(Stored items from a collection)
..........

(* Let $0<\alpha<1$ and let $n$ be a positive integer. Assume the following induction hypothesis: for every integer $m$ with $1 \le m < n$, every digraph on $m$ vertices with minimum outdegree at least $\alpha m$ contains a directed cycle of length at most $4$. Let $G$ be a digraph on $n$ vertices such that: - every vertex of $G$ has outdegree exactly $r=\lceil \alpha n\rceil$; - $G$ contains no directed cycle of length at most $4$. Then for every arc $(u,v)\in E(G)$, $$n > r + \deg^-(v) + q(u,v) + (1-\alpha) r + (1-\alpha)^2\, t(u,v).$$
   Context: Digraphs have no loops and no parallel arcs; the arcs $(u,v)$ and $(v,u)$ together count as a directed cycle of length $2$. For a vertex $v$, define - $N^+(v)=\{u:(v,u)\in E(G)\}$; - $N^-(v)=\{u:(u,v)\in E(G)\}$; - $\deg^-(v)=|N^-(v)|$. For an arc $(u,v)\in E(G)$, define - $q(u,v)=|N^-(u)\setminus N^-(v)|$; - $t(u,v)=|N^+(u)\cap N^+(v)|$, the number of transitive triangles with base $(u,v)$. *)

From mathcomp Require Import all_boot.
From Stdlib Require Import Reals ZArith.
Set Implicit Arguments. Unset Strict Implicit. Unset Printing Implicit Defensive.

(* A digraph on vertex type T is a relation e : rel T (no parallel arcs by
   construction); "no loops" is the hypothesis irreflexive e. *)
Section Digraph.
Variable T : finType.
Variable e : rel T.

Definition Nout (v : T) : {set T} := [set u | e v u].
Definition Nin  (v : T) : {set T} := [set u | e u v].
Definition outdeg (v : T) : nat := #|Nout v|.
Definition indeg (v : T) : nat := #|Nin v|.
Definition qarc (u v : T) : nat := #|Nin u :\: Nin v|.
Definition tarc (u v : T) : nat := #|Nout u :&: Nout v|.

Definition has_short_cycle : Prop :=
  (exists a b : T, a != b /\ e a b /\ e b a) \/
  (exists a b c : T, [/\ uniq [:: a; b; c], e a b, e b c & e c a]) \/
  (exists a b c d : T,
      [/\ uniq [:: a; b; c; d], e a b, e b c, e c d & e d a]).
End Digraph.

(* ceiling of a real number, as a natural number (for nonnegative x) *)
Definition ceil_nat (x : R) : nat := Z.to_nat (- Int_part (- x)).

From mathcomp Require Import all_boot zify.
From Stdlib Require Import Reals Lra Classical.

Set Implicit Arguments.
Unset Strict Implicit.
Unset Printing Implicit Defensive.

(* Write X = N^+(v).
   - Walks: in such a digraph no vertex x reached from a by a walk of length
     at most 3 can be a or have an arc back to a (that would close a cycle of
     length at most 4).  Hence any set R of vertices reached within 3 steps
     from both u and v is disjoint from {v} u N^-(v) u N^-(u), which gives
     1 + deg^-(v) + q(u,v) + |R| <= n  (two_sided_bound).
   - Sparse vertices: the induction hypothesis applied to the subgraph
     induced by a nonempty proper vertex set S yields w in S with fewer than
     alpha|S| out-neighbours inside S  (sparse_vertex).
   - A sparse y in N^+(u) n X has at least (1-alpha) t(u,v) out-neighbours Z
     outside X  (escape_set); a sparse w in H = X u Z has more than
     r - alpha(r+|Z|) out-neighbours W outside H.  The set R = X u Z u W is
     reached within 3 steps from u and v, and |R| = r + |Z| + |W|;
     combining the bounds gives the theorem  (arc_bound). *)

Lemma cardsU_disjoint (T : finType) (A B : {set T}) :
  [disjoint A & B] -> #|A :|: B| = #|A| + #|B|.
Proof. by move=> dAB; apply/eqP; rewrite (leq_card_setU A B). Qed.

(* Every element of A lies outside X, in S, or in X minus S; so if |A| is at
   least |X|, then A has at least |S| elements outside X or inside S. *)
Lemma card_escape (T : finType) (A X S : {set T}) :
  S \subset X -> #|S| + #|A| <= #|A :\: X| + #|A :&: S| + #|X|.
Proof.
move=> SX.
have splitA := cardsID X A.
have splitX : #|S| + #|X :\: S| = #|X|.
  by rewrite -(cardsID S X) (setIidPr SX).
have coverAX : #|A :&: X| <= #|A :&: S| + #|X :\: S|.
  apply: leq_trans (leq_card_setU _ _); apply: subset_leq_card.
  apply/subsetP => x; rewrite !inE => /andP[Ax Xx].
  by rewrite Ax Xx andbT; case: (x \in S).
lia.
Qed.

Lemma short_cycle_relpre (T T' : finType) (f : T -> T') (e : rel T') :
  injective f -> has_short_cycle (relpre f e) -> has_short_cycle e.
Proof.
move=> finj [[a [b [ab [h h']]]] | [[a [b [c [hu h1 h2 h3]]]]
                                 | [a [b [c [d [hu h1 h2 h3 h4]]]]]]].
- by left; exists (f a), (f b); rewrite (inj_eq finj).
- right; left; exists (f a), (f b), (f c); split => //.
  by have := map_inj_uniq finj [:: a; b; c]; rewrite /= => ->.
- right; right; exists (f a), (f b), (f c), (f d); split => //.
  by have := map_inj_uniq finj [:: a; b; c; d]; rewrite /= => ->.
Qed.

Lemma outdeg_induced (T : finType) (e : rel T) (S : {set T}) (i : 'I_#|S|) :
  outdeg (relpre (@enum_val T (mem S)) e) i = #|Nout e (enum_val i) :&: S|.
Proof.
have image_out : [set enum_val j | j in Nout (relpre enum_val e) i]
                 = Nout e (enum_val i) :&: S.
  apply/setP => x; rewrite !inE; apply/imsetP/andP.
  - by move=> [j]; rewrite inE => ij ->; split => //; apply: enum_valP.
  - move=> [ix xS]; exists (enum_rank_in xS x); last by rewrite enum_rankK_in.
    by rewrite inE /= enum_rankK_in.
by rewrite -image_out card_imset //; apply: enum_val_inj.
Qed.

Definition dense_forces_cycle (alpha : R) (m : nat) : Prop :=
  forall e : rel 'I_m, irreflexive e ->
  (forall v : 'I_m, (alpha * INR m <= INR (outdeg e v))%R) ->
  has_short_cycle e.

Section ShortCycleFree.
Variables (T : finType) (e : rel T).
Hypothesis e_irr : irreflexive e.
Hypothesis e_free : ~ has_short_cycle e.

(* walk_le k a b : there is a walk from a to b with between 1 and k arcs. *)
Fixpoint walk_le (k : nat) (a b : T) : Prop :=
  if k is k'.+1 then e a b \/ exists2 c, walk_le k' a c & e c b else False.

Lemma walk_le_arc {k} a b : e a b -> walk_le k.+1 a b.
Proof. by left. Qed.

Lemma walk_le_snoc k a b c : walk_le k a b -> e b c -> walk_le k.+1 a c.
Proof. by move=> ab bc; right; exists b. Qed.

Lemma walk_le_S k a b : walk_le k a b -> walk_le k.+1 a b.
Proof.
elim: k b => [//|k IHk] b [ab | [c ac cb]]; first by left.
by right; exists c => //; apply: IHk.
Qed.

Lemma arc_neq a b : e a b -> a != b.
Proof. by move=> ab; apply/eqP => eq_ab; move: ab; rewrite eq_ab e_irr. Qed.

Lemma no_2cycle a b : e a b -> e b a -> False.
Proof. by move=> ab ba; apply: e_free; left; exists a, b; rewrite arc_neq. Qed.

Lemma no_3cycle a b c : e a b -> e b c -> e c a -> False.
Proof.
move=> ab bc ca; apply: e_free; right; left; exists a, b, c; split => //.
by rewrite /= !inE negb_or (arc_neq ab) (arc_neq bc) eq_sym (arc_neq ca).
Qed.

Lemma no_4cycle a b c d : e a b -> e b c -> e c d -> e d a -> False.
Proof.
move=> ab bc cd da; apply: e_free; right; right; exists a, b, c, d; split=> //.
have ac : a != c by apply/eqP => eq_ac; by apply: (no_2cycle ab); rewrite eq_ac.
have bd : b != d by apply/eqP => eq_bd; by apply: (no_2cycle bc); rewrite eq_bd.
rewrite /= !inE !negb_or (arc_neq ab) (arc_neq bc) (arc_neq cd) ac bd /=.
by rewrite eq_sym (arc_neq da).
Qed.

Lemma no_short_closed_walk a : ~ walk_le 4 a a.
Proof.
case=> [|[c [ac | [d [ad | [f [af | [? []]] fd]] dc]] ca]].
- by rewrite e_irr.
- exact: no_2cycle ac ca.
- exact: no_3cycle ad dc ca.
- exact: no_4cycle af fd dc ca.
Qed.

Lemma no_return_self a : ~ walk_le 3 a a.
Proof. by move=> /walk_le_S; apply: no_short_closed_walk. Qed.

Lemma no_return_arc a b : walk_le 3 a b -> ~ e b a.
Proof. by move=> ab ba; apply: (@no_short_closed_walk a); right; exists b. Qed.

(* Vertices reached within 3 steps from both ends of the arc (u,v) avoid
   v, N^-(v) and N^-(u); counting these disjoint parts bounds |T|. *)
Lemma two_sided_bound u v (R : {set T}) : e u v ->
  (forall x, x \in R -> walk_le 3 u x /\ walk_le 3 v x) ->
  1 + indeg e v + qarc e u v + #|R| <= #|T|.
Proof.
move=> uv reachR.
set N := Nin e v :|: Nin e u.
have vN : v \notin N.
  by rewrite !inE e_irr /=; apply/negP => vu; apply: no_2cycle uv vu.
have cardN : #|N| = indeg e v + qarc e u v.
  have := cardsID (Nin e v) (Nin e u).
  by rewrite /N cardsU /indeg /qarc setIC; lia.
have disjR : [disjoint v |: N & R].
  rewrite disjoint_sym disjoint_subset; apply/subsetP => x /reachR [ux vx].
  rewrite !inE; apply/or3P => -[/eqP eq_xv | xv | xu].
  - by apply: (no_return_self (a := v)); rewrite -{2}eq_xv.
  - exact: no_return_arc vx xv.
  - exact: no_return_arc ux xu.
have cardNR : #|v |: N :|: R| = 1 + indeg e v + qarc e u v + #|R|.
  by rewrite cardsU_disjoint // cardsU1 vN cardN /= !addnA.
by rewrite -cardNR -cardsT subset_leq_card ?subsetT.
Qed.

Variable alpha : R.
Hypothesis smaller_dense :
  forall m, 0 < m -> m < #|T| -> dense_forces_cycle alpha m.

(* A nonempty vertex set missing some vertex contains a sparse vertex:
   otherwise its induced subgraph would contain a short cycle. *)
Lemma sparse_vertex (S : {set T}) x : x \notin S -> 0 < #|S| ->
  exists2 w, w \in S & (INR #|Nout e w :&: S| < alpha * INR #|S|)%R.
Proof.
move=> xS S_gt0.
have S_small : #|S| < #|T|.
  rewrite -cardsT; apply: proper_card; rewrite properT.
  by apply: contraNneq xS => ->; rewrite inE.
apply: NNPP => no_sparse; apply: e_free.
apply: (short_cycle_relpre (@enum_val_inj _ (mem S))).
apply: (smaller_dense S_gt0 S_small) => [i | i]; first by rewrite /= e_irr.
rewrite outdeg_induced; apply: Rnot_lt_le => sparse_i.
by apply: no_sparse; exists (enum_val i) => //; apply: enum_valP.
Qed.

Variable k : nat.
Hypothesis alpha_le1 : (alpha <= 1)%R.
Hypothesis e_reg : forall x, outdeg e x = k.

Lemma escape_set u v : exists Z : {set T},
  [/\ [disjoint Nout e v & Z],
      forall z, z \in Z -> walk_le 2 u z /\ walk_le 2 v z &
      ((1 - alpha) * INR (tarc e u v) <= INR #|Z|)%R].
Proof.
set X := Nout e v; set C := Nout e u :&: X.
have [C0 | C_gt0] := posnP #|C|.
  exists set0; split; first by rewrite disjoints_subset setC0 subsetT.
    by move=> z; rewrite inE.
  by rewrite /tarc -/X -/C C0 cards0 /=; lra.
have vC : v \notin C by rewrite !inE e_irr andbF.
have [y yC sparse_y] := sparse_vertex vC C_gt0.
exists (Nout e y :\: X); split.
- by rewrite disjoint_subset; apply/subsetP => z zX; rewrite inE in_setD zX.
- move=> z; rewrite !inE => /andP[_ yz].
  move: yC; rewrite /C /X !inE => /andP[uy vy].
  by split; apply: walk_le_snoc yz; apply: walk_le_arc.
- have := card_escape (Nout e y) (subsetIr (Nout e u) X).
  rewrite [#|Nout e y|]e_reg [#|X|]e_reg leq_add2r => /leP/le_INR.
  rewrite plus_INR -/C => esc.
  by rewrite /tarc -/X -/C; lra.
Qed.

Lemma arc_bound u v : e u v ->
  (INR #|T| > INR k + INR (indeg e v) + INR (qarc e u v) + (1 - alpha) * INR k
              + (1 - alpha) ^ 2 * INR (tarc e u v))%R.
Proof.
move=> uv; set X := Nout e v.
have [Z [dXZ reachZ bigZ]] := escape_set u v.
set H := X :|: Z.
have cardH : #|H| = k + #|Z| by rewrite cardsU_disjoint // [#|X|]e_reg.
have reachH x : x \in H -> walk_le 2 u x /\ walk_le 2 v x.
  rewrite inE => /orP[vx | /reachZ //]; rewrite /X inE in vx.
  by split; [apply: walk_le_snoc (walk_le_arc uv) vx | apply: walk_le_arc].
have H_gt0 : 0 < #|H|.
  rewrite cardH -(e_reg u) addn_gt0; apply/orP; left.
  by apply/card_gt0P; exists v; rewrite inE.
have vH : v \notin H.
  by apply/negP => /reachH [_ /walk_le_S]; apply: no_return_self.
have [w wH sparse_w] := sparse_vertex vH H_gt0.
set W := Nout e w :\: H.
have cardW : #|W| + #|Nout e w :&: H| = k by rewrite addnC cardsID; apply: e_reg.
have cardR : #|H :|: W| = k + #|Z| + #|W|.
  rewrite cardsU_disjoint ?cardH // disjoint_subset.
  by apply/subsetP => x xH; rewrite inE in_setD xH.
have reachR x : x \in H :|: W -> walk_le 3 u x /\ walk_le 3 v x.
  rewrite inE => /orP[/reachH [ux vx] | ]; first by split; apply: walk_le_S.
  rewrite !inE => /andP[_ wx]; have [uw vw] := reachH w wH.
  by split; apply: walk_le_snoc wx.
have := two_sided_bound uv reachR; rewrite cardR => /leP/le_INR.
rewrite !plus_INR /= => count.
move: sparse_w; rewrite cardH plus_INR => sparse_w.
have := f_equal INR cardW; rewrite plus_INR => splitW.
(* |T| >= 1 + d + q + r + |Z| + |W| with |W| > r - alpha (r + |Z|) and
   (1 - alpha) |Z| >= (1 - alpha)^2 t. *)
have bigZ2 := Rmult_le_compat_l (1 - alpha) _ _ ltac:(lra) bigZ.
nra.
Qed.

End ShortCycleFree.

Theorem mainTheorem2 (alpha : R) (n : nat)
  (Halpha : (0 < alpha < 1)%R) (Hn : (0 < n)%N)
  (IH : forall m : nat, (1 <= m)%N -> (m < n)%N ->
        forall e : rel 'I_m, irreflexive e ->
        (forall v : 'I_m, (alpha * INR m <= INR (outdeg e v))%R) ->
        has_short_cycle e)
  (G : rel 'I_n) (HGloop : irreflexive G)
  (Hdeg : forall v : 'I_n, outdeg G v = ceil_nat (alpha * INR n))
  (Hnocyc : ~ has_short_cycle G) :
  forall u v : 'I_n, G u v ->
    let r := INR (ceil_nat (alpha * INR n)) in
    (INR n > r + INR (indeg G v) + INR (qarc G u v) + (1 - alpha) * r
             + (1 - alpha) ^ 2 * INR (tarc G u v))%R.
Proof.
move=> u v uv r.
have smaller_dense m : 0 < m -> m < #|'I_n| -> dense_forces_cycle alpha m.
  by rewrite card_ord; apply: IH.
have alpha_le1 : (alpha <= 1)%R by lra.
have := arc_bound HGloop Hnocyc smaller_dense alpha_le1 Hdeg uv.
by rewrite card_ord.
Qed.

..........

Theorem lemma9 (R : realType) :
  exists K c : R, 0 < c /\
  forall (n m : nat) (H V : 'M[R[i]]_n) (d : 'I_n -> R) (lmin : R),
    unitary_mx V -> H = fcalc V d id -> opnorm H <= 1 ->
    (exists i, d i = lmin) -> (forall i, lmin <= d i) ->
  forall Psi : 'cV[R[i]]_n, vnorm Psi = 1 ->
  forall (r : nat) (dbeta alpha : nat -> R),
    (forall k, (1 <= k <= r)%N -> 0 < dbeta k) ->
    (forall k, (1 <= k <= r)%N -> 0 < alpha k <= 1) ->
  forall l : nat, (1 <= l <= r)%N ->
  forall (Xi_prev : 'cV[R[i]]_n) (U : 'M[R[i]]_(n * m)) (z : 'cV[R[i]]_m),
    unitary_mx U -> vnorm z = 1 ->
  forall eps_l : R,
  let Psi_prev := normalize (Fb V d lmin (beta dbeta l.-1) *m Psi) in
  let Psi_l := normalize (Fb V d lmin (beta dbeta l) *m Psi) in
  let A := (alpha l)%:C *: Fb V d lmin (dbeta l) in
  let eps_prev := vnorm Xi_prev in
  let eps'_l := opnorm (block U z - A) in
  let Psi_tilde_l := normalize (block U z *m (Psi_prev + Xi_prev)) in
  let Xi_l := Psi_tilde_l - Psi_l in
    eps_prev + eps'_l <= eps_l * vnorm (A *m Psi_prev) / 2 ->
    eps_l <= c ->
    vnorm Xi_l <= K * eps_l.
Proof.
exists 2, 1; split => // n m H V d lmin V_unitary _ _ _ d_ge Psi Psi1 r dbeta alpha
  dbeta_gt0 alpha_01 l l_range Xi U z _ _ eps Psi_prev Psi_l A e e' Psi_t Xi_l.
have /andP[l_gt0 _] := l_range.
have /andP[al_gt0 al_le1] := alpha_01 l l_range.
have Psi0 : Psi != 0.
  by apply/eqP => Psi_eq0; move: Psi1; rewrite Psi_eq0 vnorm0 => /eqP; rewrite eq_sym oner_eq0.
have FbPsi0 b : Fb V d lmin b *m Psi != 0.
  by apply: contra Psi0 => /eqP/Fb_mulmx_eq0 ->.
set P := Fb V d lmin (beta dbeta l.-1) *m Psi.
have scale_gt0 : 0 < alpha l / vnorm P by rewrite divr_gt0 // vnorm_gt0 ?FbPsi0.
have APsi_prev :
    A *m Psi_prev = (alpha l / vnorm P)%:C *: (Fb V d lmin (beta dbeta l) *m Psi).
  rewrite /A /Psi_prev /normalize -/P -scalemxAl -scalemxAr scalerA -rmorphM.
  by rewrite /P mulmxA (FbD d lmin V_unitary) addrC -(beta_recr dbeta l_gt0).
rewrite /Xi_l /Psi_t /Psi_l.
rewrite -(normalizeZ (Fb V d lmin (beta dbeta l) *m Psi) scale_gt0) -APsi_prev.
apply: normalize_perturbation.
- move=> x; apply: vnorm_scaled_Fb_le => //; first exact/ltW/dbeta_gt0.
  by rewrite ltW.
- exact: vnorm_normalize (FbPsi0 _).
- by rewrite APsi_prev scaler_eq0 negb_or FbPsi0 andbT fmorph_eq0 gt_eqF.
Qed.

..........

* [Exercise aim]
Of the entries above, transcribe exactly those lines that fall between the line containing "let A := (alpha" and the line containing "dbeta_gt0 alpha_01 l", together with those two lines.

* [Your solution]
  let A := (alpha l)%:C *: Fb V d lmin (dbeta l) in
  let eps_prev := vnorm Xi_prev in
  let eps'_l := opnorm (block U z - A) in
  let Psi_tilde_l := normalize (block U z *m (Psi_prev + Xi_prev)) in
  let Xi_l := Psi_tilde_l - Psi_l in
    eps_prev + eps'_l <= eps_l * vnorm (A *m Psi_prev) / 2 ->
    eps_l <= c ->
    vnorm Xi_l <= K * eps_l.
Proof.
exists 2, 1; split => // n m H V d lmin V_unitary _ _ _ d_ge Psi Psi1 r dbeta alpha
  dbeta_gt0 alpha_01 l l_range Xi U z _ _ eps Psi_prev Psi_l A e e' Psi_t Xi_l.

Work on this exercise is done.